• Resûlullah “sallallahü aleyhi ve sellem” Mekkeden hicret edince, Ukbe bin Mu’ayt şu ma’nâda iki beyt söyledi: “Ey Kusvâya binip bizden ayrılan kimse! Az sonra beni atımın üzerinde yanında göreceksin. Mızrağımı size kaldırıp kanınızla ıslatacağım. Kılıcım da sizi parçalayacakdır.”
Resûlullah “sallallahü aleyhi ve sellem” bu beytleri işitince: “Yâ Rabbî! Onu burnunun üzerine düşür, sar’a hastalığı ver” diye beddüâ etdi.
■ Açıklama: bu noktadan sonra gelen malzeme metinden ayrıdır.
(* [pi] identifies B / rad B with the product of m copies of F:
   pi k is the k-th component B -> B/rad B = prod_k F -> F, i.e. the action
   of B on the simple module \bar B_k. *)
Definition top_chars : Prop :=
  [/\ (forall k (c : F) (x y : B), pi k (c *: x + y) = c * pi k x + pi k y),
      (forall k (x y : B), pi k (x * y) = pi k x * pi k y),
      (forall k, pi k 1 = 1),
      (forall x, (forall k, pi k x = 0) <-> in_rad x) &
      (forall lam : 'I_m -> F, exists x : B, forall k, pi k x = lam k)].

(* Arrows a -> b of the quiver correspond to a basis of e_b (rad/rad^2) e_a,
   i.e. of the classes x of rad B mod rad^2 B with y x = pi_b(y) x and
   x y = pi_a(y) x modulo rad^2 B. *)
Definition arrow_elt (a b : 'I_m) (x : B) : Prop :=
  in_rad x /\
  forall y : B, in_rad2 (y * x - pi b y *: x) /\ in_rad2 (x * y - pi a y *: x).

Definition no_arrow_ends_at (i : 'I_m) : Prop :=
  forall a x, arrow_elt a i x -> in_rad2 x.

Definition no_arrow_starts_at (j : 'I_m) : Prop :=
  forall b x, arrow_elt j b x -> in_rad2 x.

(* The glued algebra A: preimage of {lambda_i = lambda_j} in B. *)
Definition glued (i j : 'I_m) (x : B) : Prop := pi i x = pi j x.
End Basic.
Bedr gazâsında atı huysuzluk yapdı. Eshâbdan biri onu esîr alıp, Resûlullahın “sallallahü aleyhi ve sellem” huzûruna getirdi. Boynunun vurulmasını emr buyurdular.
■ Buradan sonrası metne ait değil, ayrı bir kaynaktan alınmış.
(* Consider the networked $SIRS$-$V_o$ system without media actuator (i.e. $m\equiv 0$) described in the context, with initial condition at time $t_0$ satisfying $o_i(t_0),s_i(t_0),x_i(t_0),r_i(t_0),v_i(t_0)\in[0,1]$ and $s_i(t_0)+x_i(t_0)+r_i(t_0)+v_i(t_0)=1$ for all $i\in[n]$. Then for all $t>t_0$ and all $i\in[n]$: $s_i(t)+x_i(t)+r_i(t)+v_i(t)=1$ and $s_i(t),x_i(t),r_i(t),v_i(t)\in[0,1]$.
   Context: There are $n$ nodes, $[n]=\{1,\dots,n\}$. All parameters are real and nonnegative: $a_{ij}$ (opinion-network weights), $\beta_{ij}$ (infection rates), $\gamma_i$ (recovery rates), $\omega_i$ (loss of natural immunity rates), $\delta_i$ (loss of vaccine immunity rates), $\eta^{\min}_{ij}$ and $\Delta\eta_{ij}$ (strategy-imitation rates). Let $A=[a_{ij}]$, $B=[\beta_{ij}]$, $H_{\min}=[\eta^{\min}_{ij}]$, $\Delta H=[\Delta\eta_{ij}]$. For a square matrix $M$, $k_i[M]=\sum_j M_{ij}$, $\widetilde K[M]=\mathrm{diag}(k_1[M],\dots,k_n[M])$ and $L[M]=\widetilde K[M]-M$. Let $\widetilde G=\mathrm{diag}(\gamma_i)$, $\widetilde W=\mathrm{diag}(\omega_i)$, $\widetilde D=\mathrm{diag}(\delta_i)$, and for $o\in\mathbb{R}^n$ let $H(o)=\mathrm{diag}(o)\Delta H+H_{\min}$. The state is $(o,s,x,r,v)\in(\mathbb{R}^n)^5$ (opinion on disease seriousness, susceptible, infected, recovered, vaccinated fractions), with $\widetilde S=\mathrm{diag}(s)$, $\widetilde R=\mathrm{diag}(r)$, and dynamics $\dot o=A(x-o)-2L[A]o$, $\dot s=\widetilde Dv-\widetilde S(Bx+H(o)v)+\widetilde Wr$, $\dot x=\widetilde SBx-\widetilde Gx$, $\dot r=\widetilde Gx-\widetilde Wr-\widetilde RH(o)v$, $\dot v=(\widetilde S+\widetilde R)H(o)v-\widetilde Dv$. *)

From HB Require Import structures.
From mathcomp Require Import all_boot all_order all_algebra.
From mathcomp Require Import all_classical all_reals all_analysis.
Set Implicit Arguments. Unset Strict Implicit. Unset Printing Implicit Defensive.
Import Order.TTheory GRing.Theory Num.Theory.
Import numFieldNormedType.Exports.
Local Open Scope ring_scope.
Local Open Scope classical_set_scope.

Section SIRSVo.
Variables (R : realType) (n : nat).

Definition kdeg (M : 'I_n -> 'I_n -> R) (i : 'I_n) : R := \sum_(j < n) M i j.

Definition mxv (M : 'I_n -> 'I_n -> R) (y : 'I_n -> R) (i : 'I_n) : R :=
  \sum_(j < n) M i j * y j.

Definition lapv (M : 'I_n -> 'I_n -> R) (y : 'I_n -> R) (i : 'I_n) : R :=
  kdeg M i * y i - mxv M y i.

Definition Hmat (DH Hmin : 'I_n -> 'I_n -> R) (o : 'I_n -> R) : 'I_n -> 'I_n -> R :=
  fun i j => o i * DH i j + Hmin i j.

Definition SIRSVo_solution
  (A B Hmin DH : 'I_n -> 'I_n -> R) (gam om del : 'I_n -> R)
  (t0 : R) (o s x r v : R -> 'I_n -> R) : Prop :=
  (forall i : 'I_n,
     (fun u => o u i) y @[y --> t0^'+] --> o t0 i /\
     (fun u => s u i) y @[y --> t0^'+] --> s t0 i /\
     (fun u => x u i) y @[y --> t0^'+] --> x t0 i /\
     (fun u => r u i) y @[y --> t0^'+] --> r t0 i /\
     (fun u => v u i) y @[y --> t0^'+] --> v t0 i) /\
  (forall t : R, t0 < t -> forall i : 'I_n,
     is_derive t 1 (fun u => o u i)
       (mxv A (fun j => x t j - o t j) i - 2 * lapv A (o t) i) /\
     is_derive t 1 (fun u => s u i)
       (del i * v t i - s t i * (mxv B (x t) i + mxv (Hmat DH Hmin (o t)) (v t) i)
        + om i * r t i) /\
     is_derive t 1 (fun u => x u i)
       (s t i * mxv B (x t) i - gam i * x t i) /\
     is_derive t 1 (fun u => r u i)
       (gam i * x t i - om i * r t i - r t i * mxv (Hmat DH Hmin (o t)) (v t) i) /\
     is_derive t 1 (fun u => v u i)
       ((s t i + r t i) * mxv (Hmat DH Hmin (o t)) (v t) i - del i * v t i)).

End SIRSVo.

From HB Require Import structures.
From mathcomp Require Import all_boot all_order all_algebra.
From mathcomp Require Import all_classical all_reals all_analysis.
From mathcomp Require Import ring lra.
Import Order.TTheory GRing.Theory Num.Theory.
Import numFieldNormedType.Exports.
Local Open Scope ring_scope.
Local Open Scope classical_set_scope.
Set Implicit Arguments. Unset Strict Implicit. Unset Printing Implicit Defensive.

(* The right-hand sides for [s, x, r, v] sum to zero, so [s + x + r + v] is
   conserved.  For the bounds, view the [6n] functions [s, x, r, v, o, 1 - o]
   as one family.  On states bounded by [C] the vector field is quasi-positive:
   at a component equal to the negative minimum [m] of the family, its rate is
   at least [K m], because each term of the rate is a nonnegative coefficient
   times a quantity [>= m], or a product whose negative factors are [>= m] (for
   [1 - o] one also uses [x = 1 - s - r - v]).  Weighting the family by
   [exp (-(|K| + 1) t)], a negative minimum of the weighted family over
   [[t0, t1]] is attained at some [tau > t0]; there its left derivative is
   [<= 0], while the bound [K m] makes it positive. *)

Section RealAnalysis.
Variable R : realType.
Implicit Types (f : R -> R).

Lemma is_derive_left_min_le0 f (a c df : R) : a < c -> is_derive c 1 f df ->
  (forall t, a < t < c -> f c <= f t) -> df <= 0.
Proof.
move=> ac [fd <-] cmin.
rewrite ['D_1 f c]cvg_at_leftE; last exact: fd.
apply: limr_le.
  rewrite -(cvg_at_leftE (fun h => h^-1 *: ((f \o shift c) _ - f c))) //.
  apply: cvg_trans fd; apply: cvg_app.
  move=> A [e egt0 Ae]; exists e => // x xe xgt0; apply: Ae => //.
  exact/ltr0_neq0.
near=> h; apply: mulr_le0_ge0.
  by rewrite invr_le0; apply: ltW; near: h; exists 1 => /=.
rewrite subr_ge0 [_%:A]mulr1; apply: cmin; near: h.
exists (c - a); first by rewrite /= subr_gt0.
move=> h; rewrite /= distrC subr0 => /ltr_normlP[].
rewrite ltrBrDl ltrBlDl => -> _ /= hneg; lra.
Unshelve. all: by end_near. Qed.

Lemma within_continuous_right_cvg f (t0 t1 : R) : t0 < t1 ->
  (forall u, t0 < u <= t1 -> derivable f u 1) ->
  f y @[y --> t0^'+] --> f t0 -> {within `[t0, t1], continuous f}.
Proof.
have dcont u : derivable f u 1 -> {for u, continuous f}.
  by move=> du; apply/differentiable_continuous/derivable1_diffP.
move=> t01 df ft0; apply/continuous_within_itvP => //; split => //.
- by move=> u; rewrite in_itv /= => /andP[t0u ut1]; apply/dcont/df; lra.
- by apply/cvg_at_left_filter/dcont/df; lra.
Qed.

Lemma is_derive0_eq_right f (t0 t : R) : t0 < t ->
  (forall u, t0 < u -> is_derive u 1 f 0) -> f y @[y --> t0^'+] --> f t0 ->
  f t = f t0.
Proof.
move=> t0t df ft0.
have fcont : {within `[t0, t], continuous f}.
  by apply: within_continuous_right_cvg => // u /andP[t0u _]; have [] := df u t0u.
have [c _] := @MVT R f (fun=> 0) t0 t t0t
  (fun u uin => df u (andP uin).1) fcont.
by rewrite mul0r => /eqP; rewrite subr_eq0 => /eqP.
Qed.

Lemma is_derive_expR_scale (M u : R) :
  is_derive u 1 (fun u => expR (- (M * u))) (expR (- (M * u)) * - M).
Proof.
apply: (is_derive1_comp (f := expR) (g := fun u => - (M * u))).
have := is_deriveN (is_deriveZ M (is_derive_id u (1 : R))).
by rewrite /GRing.scale /= mulr1.
Qed.

Lemma ler_sum_norm (I : finType) (F : I -> R) i : F i <= \sum_j `|F j|.
Proof.
apply: le_trans (ler_norm _) _.
by rewrite (bigD1 i) //= lerDl sumr_ge0.
Qed.

Lemma within_continuous_bounded f (a b : R) : a <= b ->
  {within `[a, b], continuous f} -> exists C, forall u, u \in `[a, b]%R -> `|f u| <= C.
Proof.
move=> ab fc; have [c _ fmax] := EVT_max ab fc; have [d _ fmin] := EVT_min ab fc.
exists (`|f c| + `|f d|) => u uab; have := fmax u uab; have := fmin u uab.
have := ler_norm (f c); have := ler_norm (- f d); rewrite normrN ler_norml.
have := normr_ge0 (f c); have := normr_ge0 (f d); lra.
Qed.

Lemma EVT_min_family (I : finType) (Z : I -> R -> R) (a b : R) : a <= b ->
  (forall p, {within `[a, b], continuous (Z p)}) -> I ->
  exists q, exists2 tau, tau \in `[a, b]%R &
    forall p u, u \in `[a, b]%R -> Z q tau <= Z p u.
Proof.
move=> ab Zc i0.
have /choice[tf tfmin] : forall p, exists c,
    c \in `[a, b]%R /\ forall u, u \in `[a, b]%R -> Z p c <= Z p u.
  by move=> p; have [c cab cmin] := EVT_min ab (Zc p); exists c.
exists [arg min_(q < i0) Z q (tf q)]%O; case: arg_minP => // q _ qmin.
exists (tf q); first exact: (tfmin q).1.
by move=> p u uab; apply: le_trans (qmin p isT) ((tfmin p).2 u uab).
Qed.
• Resûlullah “sallallahü aleyhi ve sellem”, Bedr gazâsına Eshâb-ı Tâlüt adedince, ya’nî üçyüzonüç sahâbî ile çıkdı. [Eshâb-ı Bedrin ismleri, (Câliyet-ül-ekdâr) kitâbında vardır. Bu kitâb, Hakîkat Kitâbevi tarafından basdırılmışdır.] Onlar için şöyle düâ etdi. “Allahım onlar yalın ayakdır, onların gitmelerine yardım eyle. Elbiseleri yokdur, onları giydir. Açdırlar, onları doyur.” Onlardan hiç biri, ganîmete kavuşmadan dönmedi. Hepsinin karınları tok olarak, elbiseleri ile ve birer ikişer deveye sâhip olarak döndüler.
Emîr-ül mü’minîn Ömer “radıyallahü anh” şöyle demişdir: Meâl-i şerîfi, (O topluluk yakında bozulacak ve onlar arkalarını dönüp kaçacaklardır) olan [Kamer sûresi 45.ci] âyet-i kerîmesi nâzil olunca, bu (hezîmet-i cem’) [toplu hezîmet] ne demekdir, diye düşünüyordum. Bedr gazâsında Resûlullahın “sallallahü aleyhi ve sellem” zırhını giyerken bu âyet-i kerîmeyi okuduğunu duydum. O zemân âyet-i kerîmede neye işâret olunduğunu yakînen anladım.
• Bedr gazâsından, bir gece önce, Resûlullahın “sallallahü aleyhi ve sellem” askerleri üzerine öyle bir uyku basdı ki, kalkmak isteseler de kalkamıyorlardı. Zübeyr “radıyallahü anh” diyor ki, birazcık doğrulmak istesek, elimizde olmadan düşüp uyuyorduk.